Problem> Copy exactly the lines of the material below that run from the one containing "alpha -> a <= j <= b ->" through the one containing "have -> : x1". Copy no other lines.

Supplied data>
Section RelabeledBoards.
Variables (n : nat) (alpha : seq nat).
Hypothesis alpha_uniq : uniq alpha.
Hypothesis alpha_range : forall a, a \in alpha -> 1 <= a <= n.
Hypothesis alpha_size : 0 < size alpha < n.

Lemma count_lt_le j : count (fun a => a < j) alpha <= j.-1.
Proof.
rewrite (@eq_in_count _ _ (fun a => 1 <= a < 1 + j.-1)); first exact: count_range_uniq.
by move=> a /alpha_range; lia.
Qed.

Lemma count_gt_le j : count (fun a => j < a) alpha <= n - j.
Proof.
rewrite (@eq_in_count _ _ (fun a => j.+1 <= a < j.+1 + (n - j))); first exact: count_range_uniq.
by move=> a /alpha_range; lia.
Qed.

Lemma colrank_range {j : nat} : 1 <= j <= n -> j \notin alpha ->
  1 <= colrank alpha j <= n - size alpha.
Proof.
move=> hj /count_memPn j_notin; rewrite /colrank.
by have := count_lt_gt_eq alpha j; have := count_lt_le j; have := count_gt_le j; lia.
Qed.

Lemma colrank_mono {j k : nat} : j < k -> j \notin alpha -> colrank alpha j < colrank alpha k.
Proof.
move=> jk j_notin; rewrite /colrank (@count_lt_split alpha j k (ltnW jk)).
have -> : count (fun a => j <= a < k) alpha = count (fun a => j.+1 <= a < j.+1 + (k - j.+1)) alpha.
  apply: eq_in_count => a a_in /=; have : a != j by apply: contraNneq j_notin => <-.
  lia.
by have := count_range_uniq alpha j.+1 (k - j.+1) alpha_uniq; have := count_lt_le j; lia.
Qed.

Lemma colrank_inj {j k : nat} : j \notin alpha -> k \notin alpha ->
  colrank alpha j = colrank alpha k -> j = k.
Proof.
move=> j_notin k_notin e; case: (ltngtP j k) => // [jk|kj].
  by have := colrank_mono jk j_notin; rewrite e ltnn.
by have := colrank_mono kj k_notin; rewrite e ltnn.
Qed.

Lemma colrank_onto x : 1 <= x <= n - size alpha ->
  exists2 j, (1 <= j <= n) && (j \notin alpha) & colrank alpha j = x.
Proof.
move=> hx; set free := [seq i <- iota 1 n | i \notin alpha].
have free_size : size free = n - size alpha.
  have alpha_count : count (mem alpha) (iota 1 n) = size alpha.
    rewrite -size_filter; apply/perm_size/uniq_perm => // [|y].
      exact/filter_uniq/iota_uniq.
    rewrite mem_filter mem_iota andb_idr // => /alpha_range; lia.
  have := count_predC (mem alpha) (iota 1 n).
  by rewrite size_filter size_iota alpha_count => /(canRL (addKn _)).
have img_uniq : uniq (map (colrank alpha) free).
  rewrite map_inj_in_uniq; first exact/filter_uniq/iota_uniq.
  by move=> j k; rewrite !mem_filter => /andP[j_notin _] /andP[k_notin _]; apply: colrank_inj.
have img_sub : {subset map (colrank alpha) free <= iota 1 (n - size alpha)}.
  move=> y /mapP[j]; rewrite mem_filter mem_iota => /andP[j_notin hj] ->.
  by rewrite mem_iota; have := @colrank_range j ltac:(lia) j_notin; lia.
have [_ img_eq] := uniq_min_size img_uniq img_sub ltac:(by rewrite size_map free_size size_iota).
have : x \in iota 1 (n - size alpha) by rewrite mem_iota; lia.
rewrite -img_eq => /mapP[j]; rewrite mem_filter mem_iota => /andP[j_notin hj] ->.
by exists j; rewrite ?j_notin; first lia.
Qed.

Lemma count_lt_segment {a b j : nat} : segment a b `<=` free_cols n alpha -> a <= j <= b ->
  count (fun x => x < j) alpha = count (fun x => x < a) alpha.
Proof.
move=> seg_free hj; rewrite (@count_lt_split alpha a j) ?(andP hj).1 //.
suff -> : count (fun x => a <= x < j) alpha = 0 by rewrite addn0.
apply/eqP; rewrite -leqn0 leqNgt -has_count; apply/hasPn => x x_in; apply/negP => hx.
have /(fsubsetP seg_free) : x \in segment a b by rewrite mem_segment; lia.
by rewrite mem_free_cols x_in andbF.
Qed.

Lemma mem_sub_board_segment a b y : segment a b `<=` free_cols n alpha ->
  (y \in sub_board n alpha (segment a b)) =
  [&& 0 < y.1, a <= y.2 + count (fun x => x < a) alpha <= b &
      (y.1 + size alpha, y.2 + count (fun x => x < a) alpha) \in menage_compl n].
Proof.
move=> seg_free; have k_le := count_lt_le a; case: y => y1 y2 /=.
apply/imfsetP/idP => [[[x1 x2]]|/and3P[y1_pos y_seg yBc]].
  rewrite in_fset_sep mem_segment /= => /and3P[xBc lx x_seg] [-> ->].
  rewrite (count_lt_segment seg_free x_seg).
  have -> : x1 - size alpha + size alpha = x1 by lia.
  have -> : x2 - count (fun x => x < a) alpha + count (fun x => x < a) alpha = x2 by lia.
  by rewrite xBc x_seg andbT; lia.
exists (y1 + size alpha, y2 + count (fun x => x < a) alpha).
  by rewrite in_fset_sep /= mem_segment yBc y_seg andbT /=; lia.
by rewrite /= relabE /colrank /= (count_lt_segment seg_free y_seg) !addnK.
Qed.

Lemma sum_cw_prefix x : x <= n -> \sum_(1 <= i < x.+1) cw n alpha i = cw_prefix n (size alpha) x.
Proof.
rewrite /cw_prefix; elim: x => [|x IH] x_le; first by rewrite big_geq //; case: ifP; lia.
by rewrite big_nat_recr //= IH; [rewrite /cw; do !case: ifP; lia | lia].
Qed.

Lemma sum_cw_segment {a b : nat} : 0 < a <= b -> b <= n ->
  \sum_(a <= i < b.+1) cw n alpha i = cw_prefix n (size alpha) b - cw_prefix n (size alpha) a.-1.
Proof.
move=> ab b_le; rewrite -!sum_cw_prefix ?prednK; try lia.
by rewrite (@big_cat_nat _ _ _ a 1) ?addKn //; lia.
Qed.

Lemma sub_board_segment_staircase {a b : nat} : a <= b -> segment a b `<=` free_cols n alpha ->
  exists U r c, [/\ staircase U, sub_board n alpha (segment a b) = shift r c @` U &
                    #|` U| = \sum_(a <= i < b.+1) cw n alpha i].
Proof.
move=> ab seg_free; have n_ge2 : 2 <= n by lia.
have /andP[a_pos b_le] : (0 < a) && (b <= n).
  have := fsubsetP seg_free a; have := fsubsetP seg_free b.
  by rewrite !mem_segment !mem_free_cols => /(_ ltac:(lia)) + /(_ ltac:(lia)); lia.
have := @sum_cw_segment a b ltac:(lia) b_le; rewrite /cw_prefix => ->.
have k_le := count_lt_le a; set k := count (fun x => x < a) alpha in k_le.
have shiftE (U : board) r c :
    (forall y, [&& 0 < y.1, a <= y.2 + k <= b & (y.1 + size alpha, y.2 + k) \in menage_compl n] =
               [&& r <= y.1, c <= y.2 & (y.1 - r, y.2 - c) \in U]) ->
    sub_board n alpha (segment a b) = shift r c @` U.
  by move=> memU; apply/fsetP => y; rewrite mem_sub_board_segment // mem_shift; exact: memU.
have [b_lt|l_le_b] := ltnP b (size alpha).
  exists (shape_E 1), 0, 0; split; first by exists 1 => //; apply: Or43.
    by apply: shiftE => y; rewrite (mem_menage_compl _ _ n_ge2) !mem_shapeE /=; lia.
  by rewrite card_shape_E; do !case: ifP; lia.
have [a_le|a_gt] := leqP a (size alpha); have [b_lt|b_ge] := ltnP b n.
- exists (shape_O (b - size alpha).+1), 0, ((size alpha).-1 - k).
  split; first by exists (b - size alpha).+1 => //; apply: Or41.
    by apply: shiftE => y; rewrite (mem_menage_compl _ _ n_ge2) !mem_shapeE /=; lia.
  by rewrite card_shape_O; do !case: ifP; lia.
- exists (shape_ET (n - size alpha).+1), 0, ((size alpha).-1 - k).
  split; first by exists (n - size alpha).+1 => //; apply: Or44.
    by apply: shiftE => y; rewrite (mem_menage_compl _ _ n_ge2) !mem_shapeE /=; lia.
  by rewrite card_shape_ET; do !case: ifP; lia.
- exists (shape_E (b - a).+2), (a.-1 - size alpha), (a.-1 - k).
  split; first by exists (b - a).+2 => //; apply: Or43.
    by apply: shiftE => y; rewrite (mem_menage_compl _ _ n_ge2) !mem_shapeE /=; lia.
  by rewrite card_shape_E; do !case: ifP; lia.
- exists (shape_OT (n - a).+1), (a.-1 - size alpha), (a.-1 - k).
  split; first by exists (n - a).+1 => //; apply: Or42.
    by apply: shiftE => y; rewrite (mem_menage_compl _ _ n_ge2) !mem_shapeE /=; lia.
  by rewrite card_shape_OT; do !case: ifP; lia.
Qed.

Result of this exercise>
Lemma count_lt_segment {a b j : nat} : segment a b `<=` free_cols n alpha -> a <= j <= b ->
  count (fun x => x < j) alpha = count (fun x => x < a) alpha.
Proof.
move=> seg_free hj; rewrite (@count_lt_split alpha a j) ?(andP hj).1 //.
suff -> : count (fun x => a <= x < j) alpha = 0 by rewrite addn0.
apply/eqP; rewrite -leqn0 leqNgt -has_count; apply/hasPn => x x_in; apply/negP => hx.
have /(fsubsetP seg_free) : x \in segment a b by rewrite mem_segment; lia.
by rewrite mem_free_cols x_in andbF.
Qed.

Lemma mem_sub_board_segment a b y : segment a b `<=` free_cols n alpha ->
  (y \in sub_board n alpha (segment a b)) =
  [&& 0 < y.1, a <= y.2 + count (fun x => x < a) alpha <= b &
      (y.1 + size alpha, y.2 + count (fun x => x < a) alpha) \in menage_compl n].
Proof.
move=> seg_free; have k_le := count_lt_le a; case: y => y1 y2 /=.
apply/imfsetP/idP => [[[x1 x2]]|/and3P[y1_pos y_seg yBc]].
  rewrite in_fset_sep mem_segment /= => /and3P[xBc lx x_seg] [-> ->].
  rewrite (count_lt_segment seg_free x_seg).
  have -> : x1 - size alpha + size alpha = x1 by lia.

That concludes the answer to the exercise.